• GIVEN RECORDS:
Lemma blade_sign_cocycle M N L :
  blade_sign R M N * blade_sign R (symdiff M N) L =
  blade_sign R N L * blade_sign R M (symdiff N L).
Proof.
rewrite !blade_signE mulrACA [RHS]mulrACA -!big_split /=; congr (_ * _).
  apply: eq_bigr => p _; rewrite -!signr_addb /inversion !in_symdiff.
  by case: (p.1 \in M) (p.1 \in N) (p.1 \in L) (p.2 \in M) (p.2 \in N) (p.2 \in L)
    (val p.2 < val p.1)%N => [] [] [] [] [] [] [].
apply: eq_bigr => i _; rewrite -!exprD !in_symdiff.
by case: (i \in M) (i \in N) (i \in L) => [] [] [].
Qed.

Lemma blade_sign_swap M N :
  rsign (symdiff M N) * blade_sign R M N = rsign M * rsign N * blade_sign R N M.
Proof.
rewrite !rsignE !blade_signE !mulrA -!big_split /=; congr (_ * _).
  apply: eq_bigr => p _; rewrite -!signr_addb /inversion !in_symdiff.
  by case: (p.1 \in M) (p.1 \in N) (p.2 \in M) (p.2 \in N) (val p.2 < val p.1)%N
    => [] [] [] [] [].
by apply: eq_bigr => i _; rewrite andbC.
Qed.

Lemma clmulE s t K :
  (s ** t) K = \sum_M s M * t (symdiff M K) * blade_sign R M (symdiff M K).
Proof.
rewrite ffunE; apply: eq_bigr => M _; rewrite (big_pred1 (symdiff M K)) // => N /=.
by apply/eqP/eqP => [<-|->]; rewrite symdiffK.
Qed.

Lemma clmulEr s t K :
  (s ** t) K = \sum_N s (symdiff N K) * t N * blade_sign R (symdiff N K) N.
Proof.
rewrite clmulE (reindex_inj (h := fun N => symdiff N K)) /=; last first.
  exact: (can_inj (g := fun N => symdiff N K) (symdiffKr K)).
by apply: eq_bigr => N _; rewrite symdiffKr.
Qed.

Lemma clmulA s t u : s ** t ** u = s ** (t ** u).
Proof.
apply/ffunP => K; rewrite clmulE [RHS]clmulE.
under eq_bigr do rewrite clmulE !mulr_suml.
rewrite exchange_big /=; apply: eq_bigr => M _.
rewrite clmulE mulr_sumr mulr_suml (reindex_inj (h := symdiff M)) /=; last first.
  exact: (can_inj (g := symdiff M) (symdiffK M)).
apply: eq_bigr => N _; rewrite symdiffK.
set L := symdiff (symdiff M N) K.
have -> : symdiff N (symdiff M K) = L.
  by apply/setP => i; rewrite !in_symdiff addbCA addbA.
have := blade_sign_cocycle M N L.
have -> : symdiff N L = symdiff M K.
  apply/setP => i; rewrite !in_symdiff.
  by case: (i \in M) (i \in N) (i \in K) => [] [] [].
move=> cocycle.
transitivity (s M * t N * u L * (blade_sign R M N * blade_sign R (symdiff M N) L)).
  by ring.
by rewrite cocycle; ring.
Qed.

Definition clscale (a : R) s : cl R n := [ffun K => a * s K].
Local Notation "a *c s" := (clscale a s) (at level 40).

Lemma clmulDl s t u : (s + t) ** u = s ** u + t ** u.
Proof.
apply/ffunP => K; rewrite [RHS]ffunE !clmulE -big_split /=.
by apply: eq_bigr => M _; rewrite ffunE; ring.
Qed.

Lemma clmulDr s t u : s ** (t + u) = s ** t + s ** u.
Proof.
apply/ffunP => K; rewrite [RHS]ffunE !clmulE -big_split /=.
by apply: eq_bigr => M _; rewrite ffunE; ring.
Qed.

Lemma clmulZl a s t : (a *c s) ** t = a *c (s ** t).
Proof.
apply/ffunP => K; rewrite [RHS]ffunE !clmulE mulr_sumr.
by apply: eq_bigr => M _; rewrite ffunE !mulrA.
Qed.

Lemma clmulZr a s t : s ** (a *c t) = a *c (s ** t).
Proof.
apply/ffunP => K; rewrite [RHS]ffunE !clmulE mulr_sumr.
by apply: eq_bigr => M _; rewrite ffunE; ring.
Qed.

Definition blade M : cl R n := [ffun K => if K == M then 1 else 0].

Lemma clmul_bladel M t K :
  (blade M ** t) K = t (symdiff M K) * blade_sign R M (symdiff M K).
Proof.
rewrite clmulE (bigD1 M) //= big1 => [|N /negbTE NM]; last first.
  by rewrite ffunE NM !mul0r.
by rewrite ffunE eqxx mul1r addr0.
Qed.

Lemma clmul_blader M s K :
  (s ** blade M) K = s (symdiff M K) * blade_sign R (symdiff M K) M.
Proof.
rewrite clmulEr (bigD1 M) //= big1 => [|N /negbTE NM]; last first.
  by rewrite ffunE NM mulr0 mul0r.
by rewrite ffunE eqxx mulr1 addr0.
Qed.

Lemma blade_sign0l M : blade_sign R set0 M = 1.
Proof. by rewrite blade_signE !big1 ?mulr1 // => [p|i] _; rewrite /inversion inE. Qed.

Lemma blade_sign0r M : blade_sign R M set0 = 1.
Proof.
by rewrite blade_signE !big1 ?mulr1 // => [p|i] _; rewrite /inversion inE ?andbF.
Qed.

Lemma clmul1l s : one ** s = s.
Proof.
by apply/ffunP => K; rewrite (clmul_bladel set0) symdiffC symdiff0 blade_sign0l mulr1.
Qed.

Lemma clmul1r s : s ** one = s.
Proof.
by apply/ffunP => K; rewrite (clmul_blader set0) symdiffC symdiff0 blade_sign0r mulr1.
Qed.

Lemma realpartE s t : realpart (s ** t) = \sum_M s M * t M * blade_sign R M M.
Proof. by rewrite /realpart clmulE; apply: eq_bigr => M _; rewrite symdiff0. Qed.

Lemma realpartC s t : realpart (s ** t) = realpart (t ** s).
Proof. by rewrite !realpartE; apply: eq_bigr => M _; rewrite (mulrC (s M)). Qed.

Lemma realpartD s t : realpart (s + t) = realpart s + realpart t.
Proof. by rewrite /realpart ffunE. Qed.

• TASK PROMPT:
With "Definition" as the string to match, show every line of the entries above that has it.

• COMPLETED EXERCISE:
Definition clscale (a : R) s : cl R n := [ffun K => a * s K].
Definition blade M : cl R n := [ffun K => if K == M then 1 else 0].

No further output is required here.